[Collected data entries]
# # # # # # #

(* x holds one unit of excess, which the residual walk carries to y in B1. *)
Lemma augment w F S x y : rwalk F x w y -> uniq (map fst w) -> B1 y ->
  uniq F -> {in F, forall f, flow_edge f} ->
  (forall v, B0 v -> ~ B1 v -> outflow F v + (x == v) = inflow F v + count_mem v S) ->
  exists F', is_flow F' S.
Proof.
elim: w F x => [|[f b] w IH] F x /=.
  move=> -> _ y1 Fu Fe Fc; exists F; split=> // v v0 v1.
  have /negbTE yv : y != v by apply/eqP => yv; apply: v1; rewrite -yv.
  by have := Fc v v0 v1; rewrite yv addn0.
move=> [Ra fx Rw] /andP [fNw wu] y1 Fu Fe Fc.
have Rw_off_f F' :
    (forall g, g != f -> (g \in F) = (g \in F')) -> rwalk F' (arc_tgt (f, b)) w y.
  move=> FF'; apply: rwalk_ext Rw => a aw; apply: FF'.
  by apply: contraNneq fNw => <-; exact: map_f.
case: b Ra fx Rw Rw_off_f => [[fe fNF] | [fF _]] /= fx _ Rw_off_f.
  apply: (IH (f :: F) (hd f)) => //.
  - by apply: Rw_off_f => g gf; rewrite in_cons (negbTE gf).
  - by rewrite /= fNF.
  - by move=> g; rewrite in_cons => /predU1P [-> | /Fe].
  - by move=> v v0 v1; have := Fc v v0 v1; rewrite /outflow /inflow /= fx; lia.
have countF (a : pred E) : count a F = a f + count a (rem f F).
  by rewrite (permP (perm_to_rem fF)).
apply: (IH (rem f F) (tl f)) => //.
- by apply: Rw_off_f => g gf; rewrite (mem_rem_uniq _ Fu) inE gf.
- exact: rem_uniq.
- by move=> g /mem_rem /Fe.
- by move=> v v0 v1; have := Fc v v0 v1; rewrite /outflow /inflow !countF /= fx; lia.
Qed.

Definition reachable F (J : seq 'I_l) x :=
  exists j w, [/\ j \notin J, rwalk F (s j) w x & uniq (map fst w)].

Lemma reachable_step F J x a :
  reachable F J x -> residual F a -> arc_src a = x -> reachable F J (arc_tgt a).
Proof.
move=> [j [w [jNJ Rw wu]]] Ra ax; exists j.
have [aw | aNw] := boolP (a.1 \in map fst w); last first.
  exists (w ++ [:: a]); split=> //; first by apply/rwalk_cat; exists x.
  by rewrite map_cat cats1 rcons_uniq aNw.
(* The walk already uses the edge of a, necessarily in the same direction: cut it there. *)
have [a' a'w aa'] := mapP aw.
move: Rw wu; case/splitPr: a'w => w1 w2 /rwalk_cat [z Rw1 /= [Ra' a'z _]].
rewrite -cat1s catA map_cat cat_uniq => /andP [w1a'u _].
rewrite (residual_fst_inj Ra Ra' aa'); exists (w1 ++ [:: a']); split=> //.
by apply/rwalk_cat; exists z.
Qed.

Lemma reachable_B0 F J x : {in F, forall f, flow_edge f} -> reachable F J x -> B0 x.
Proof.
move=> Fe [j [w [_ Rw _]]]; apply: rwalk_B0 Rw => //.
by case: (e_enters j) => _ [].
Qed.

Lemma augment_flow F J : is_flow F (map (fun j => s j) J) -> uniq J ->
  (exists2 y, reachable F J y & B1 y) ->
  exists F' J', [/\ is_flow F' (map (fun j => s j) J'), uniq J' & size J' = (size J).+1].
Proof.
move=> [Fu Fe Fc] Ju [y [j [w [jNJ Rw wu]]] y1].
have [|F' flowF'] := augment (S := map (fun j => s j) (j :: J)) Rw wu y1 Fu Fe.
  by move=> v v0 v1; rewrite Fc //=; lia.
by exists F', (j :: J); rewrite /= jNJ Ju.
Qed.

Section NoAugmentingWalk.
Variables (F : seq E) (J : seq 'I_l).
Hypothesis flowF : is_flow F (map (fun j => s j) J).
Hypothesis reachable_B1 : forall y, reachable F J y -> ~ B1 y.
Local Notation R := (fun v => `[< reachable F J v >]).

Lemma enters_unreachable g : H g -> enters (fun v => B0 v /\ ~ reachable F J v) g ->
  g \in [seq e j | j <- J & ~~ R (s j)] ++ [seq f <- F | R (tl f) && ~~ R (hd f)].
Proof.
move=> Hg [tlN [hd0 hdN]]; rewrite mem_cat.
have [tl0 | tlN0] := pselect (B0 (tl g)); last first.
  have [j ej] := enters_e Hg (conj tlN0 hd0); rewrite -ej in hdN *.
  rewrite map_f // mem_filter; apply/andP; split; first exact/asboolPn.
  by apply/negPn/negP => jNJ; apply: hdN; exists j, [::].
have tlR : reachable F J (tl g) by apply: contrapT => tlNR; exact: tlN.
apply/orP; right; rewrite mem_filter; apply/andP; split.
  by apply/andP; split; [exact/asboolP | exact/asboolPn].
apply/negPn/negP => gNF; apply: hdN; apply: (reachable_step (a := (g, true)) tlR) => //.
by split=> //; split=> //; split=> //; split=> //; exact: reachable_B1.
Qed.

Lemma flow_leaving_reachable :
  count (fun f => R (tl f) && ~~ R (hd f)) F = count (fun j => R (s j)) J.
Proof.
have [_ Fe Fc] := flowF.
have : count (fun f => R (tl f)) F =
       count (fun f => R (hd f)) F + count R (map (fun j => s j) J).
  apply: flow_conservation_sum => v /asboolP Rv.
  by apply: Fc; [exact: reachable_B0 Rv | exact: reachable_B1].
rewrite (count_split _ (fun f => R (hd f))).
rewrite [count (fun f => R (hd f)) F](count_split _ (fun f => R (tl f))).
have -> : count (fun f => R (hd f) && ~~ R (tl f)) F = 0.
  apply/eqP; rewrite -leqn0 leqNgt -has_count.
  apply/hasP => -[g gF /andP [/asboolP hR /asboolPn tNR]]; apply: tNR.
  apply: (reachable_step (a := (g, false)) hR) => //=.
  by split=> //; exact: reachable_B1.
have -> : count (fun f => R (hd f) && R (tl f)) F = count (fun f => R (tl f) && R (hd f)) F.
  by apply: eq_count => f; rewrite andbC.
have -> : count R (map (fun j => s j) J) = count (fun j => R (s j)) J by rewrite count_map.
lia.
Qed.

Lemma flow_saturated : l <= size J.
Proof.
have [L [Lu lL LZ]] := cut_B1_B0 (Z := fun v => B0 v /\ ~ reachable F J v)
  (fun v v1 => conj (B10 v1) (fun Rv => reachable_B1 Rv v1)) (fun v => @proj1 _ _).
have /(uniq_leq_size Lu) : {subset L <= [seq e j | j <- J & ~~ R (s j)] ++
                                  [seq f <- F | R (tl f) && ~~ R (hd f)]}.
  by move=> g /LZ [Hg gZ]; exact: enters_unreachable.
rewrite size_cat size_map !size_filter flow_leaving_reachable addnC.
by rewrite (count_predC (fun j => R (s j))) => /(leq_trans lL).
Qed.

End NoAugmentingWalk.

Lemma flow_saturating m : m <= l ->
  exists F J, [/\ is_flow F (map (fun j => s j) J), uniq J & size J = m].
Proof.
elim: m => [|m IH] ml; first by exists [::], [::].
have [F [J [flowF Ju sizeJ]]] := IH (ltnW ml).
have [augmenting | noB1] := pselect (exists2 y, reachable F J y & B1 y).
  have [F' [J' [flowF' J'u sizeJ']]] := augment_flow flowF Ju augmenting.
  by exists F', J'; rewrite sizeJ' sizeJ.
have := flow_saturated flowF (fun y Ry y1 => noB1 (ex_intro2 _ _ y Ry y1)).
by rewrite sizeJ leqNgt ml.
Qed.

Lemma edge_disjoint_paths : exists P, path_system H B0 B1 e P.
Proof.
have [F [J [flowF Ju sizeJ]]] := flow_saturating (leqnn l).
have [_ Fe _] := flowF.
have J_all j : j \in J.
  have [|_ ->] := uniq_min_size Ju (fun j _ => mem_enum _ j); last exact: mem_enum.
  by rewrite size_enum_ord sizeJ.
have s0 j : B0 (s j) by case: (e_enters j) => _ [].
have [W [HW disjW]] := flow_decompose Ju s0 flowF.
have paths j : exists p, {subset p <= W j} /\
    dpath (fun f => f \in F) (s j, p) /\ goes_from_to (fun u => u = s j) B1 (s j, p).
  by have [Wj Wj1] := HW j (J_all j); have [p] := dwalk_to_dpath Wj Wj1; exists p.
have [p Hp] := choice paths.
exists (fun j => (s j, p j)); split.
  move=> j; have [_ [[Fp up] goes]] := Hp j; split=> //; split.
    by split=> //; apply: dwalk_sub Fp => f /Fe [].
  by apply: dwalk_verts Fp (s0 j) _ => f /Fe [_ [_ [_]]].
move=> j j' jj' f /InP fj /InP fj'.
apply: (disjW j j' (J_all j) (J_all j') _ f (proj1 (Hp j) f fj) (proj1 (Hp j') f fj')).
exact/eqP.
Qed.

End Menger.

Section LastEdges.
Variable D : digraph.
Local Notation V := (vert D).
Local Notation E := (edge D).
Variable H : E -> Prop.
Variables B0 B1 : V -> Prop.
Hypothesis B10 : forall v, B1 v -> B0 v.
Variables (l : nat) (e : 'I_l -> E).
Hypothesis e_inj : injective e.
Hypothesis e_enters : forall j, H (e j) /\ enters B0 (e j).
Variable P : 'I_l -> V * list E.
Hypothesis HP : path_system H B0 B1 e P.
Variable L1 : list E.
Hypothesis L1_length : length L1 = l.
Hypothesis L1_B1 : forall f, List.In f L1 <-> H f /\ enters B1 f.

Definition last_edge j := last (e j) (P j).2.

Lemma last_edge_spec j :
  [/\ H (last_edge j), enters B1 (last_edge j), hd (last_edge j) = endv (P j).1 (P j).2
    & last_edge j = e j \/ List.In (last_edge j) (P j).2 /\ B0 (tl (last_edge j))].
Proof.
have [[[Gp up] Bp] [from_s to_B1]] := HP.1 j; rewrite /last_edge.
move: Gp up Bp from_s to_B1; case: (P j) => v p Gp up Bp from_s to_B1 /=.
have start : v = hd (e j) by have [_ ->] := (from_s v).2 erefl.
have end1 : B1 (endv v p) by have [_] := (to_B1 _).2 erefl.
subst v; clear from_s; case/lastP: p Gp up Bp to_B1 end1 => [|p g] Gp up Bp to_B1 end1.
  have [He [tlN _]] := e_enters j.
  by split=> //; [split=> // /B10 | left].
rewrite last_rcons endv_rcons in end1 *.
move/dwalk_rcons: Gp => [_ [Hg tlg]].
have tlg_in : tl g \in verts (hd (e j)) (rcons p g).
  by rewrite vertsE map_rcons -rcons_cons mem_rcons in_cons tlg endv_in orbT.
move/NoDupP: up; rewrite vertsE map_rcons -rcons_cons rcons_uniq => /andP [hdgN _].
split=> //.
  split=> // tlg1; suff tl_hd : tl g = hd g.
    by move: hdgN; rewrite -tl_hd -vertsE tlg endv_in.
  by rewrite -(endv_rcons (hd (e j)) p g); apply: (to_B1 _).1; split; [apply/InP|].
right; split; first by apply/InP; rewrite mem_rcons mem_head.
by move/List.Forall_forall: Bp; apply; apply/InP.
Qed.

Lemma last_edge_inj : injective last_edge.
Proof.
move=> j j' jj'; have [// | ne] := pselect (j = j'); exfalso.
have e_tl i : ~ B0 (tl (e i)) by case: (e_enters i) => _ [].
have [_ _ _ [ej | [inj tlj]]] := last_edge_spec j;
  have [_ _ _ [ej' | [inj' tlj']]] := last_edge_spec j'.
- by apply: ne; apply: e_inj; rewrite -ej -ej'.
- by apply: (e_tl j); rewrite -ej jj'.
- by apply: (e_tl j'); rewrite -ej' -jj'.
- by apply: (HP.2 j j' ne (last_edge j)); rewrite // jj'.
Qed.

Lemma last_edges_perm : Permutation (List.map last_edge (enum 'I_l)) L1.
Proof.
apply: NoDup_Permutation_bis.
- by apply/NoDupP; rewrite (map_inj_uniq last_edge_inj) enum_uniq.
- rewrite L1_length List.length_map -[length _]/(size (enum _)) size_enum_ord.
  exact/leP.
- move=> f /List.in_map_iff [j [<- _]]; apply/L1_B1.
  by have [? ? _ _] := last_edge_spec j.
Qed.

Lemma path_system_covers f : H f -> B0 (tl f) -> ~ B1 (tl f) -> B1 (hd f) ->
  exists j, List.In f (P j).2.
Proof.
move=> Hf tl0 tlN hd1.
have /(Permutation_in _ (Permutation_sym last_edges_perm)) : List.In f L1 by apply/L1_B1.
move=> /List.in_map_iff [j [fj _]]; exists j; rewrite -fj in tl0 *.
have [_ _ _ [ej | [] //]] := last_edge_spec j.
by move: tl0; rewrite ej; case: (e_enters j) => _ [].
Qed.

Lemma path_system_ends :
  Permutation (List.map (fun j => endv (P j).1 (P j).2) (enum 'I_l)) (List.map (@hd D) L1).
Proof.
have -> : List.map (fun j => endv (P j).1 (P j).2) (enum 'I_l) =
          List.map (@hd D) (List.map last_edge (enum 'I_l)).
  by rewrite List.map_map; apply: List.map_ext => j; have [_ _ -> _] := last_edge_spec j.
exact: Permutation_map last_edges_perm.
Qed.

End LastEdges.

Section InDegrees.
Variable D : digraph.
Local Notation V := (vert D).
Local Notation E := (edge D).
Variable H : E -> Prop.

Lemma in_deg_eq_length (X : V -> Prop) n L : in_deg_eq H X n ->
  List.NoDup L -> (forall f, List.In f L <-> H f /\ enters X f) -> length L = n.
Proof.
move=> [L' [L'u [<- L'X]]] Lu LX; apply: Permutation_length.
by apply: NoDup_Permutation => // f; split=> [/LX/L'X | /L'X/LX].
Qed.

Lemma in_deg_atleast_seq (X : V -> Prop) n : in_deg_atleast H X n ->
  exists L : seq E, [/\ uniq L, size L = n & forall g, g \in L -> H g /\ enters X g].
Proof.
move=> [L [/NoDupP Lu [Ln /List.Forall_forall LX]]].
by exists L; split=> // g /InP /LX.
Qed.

# # # # # # #

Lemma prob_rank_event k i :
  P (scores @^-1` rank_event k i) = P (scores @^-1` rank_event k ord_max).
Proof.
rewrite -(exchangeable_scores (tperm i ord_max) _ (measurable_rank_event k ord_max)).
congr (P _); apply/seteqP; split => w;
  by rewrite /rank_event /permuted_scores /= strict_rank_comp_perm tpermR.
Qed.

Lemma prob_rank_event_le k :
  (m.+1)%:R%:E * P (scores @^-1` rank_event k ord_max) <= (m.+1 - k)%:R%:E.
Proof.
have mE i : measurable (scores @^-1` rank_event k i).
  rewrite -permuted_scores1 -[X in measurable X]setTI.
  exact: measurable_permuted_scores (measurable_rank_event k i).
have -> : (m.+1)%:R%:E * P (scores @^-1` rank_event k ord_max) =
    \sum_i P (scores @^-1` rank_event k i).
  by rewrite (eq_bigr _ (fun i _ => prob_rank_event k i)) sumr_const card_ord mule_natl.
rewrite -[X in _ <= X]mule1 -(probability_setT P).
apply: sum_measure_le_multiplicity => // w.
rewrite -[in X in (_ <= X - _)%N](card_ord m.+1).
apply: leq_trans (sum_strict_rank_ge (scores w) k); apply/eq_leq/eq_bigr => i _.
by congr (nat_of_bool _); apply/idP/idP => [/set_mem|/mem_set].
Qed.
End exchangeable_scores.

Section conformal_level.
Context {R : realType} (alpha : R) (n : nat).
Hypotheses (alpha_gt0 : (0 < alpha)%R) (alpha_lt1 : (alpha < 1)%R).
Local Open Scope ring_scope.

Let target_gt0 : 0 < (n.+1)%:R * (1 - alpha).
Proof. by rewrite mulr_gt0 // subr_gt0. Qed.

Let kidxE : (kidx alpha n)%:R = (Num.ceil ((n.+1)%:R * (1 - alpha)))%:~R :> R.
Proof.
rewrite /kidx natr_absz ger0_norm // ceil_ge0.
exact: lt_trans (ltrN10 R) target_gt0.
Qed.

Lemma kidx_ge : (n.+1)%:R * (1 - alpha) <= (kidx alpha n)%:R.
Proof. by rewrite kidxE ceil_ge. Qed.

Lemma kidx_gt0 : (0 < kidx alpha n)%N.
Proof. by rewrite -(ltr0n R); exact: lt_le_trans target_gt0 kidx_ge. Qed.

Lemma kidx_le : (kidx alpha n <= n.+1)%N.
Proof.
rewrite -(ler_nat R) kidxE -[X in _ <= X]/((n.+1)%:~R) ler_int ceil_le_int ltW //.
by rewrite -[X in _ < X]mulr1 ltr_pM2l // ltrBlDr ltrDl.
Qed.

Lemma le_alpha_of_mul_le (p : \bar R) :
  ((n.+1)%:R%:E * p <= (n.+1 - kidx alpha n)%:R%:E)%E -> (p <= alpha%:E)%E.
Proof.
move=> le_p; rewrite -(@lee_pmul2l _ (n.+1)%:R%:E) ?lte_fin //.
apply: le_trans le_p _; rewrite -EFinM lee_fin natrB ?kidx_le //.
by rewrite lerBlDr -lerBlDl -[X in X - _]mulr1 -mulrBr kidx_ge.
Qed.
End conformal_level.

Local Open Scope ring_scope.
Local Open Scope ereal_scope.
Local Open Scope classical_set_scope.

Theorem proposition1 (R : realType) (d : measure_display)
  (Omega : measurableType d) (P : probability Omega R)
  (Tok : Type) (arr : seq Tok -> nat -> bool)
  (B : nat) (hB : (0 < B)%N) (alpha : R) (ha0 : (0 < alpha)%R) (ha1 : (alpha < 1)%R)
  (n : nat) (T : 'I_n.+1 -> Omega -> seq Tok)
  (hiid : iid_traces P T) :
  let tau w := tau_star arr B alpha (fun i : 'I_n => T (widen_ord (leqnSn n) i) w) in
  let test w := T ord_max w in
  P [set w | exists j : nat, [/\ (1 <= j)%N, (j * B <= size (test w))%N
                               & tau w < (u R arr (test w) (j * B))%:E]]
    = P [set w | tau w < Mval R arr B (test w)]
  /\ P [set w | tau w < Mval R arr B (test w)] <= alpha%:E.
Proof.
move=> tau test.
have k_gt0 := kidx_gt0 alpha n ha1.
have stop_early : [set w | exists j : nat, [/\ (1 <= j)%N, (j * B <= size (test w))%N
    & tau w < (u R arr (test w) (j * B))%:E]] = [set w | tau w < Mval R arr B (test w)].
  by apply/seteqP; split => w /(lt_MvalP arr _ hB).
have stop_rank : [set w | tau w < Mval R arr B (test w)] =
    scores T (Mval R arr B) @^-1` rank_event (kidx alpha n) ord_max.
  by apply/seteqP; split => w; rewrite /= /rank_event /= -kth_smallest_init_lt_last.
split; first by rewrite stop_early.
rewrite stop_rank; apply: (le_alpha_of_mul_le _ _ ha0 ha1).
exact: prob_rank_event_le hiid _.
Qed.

# # # # # # #

Retype exactly the lines of the data above that fall between the line with "have /(uniq_leq_size Lu)" and the line with "End NoAugmentingWalk.", inclusive, and add nothing.

have /(uniq_leq_size Lu) : {subset L <= [seq e j | j <- J & ~~ R (s j)] ++
                                  [seq f <- F | R (tl f) && ~~ R (hd f)]}.
  by move=> g /LZ [Hg gZ]; exact: enters_unreachable.
rewrite size_cat size_map !size_filter flow_leaving_reachable addnC.
by rewrite (count_predC (fun j => R (s j))) => /(leq_trans lL).
Qed.

End NoAugmentingWalk.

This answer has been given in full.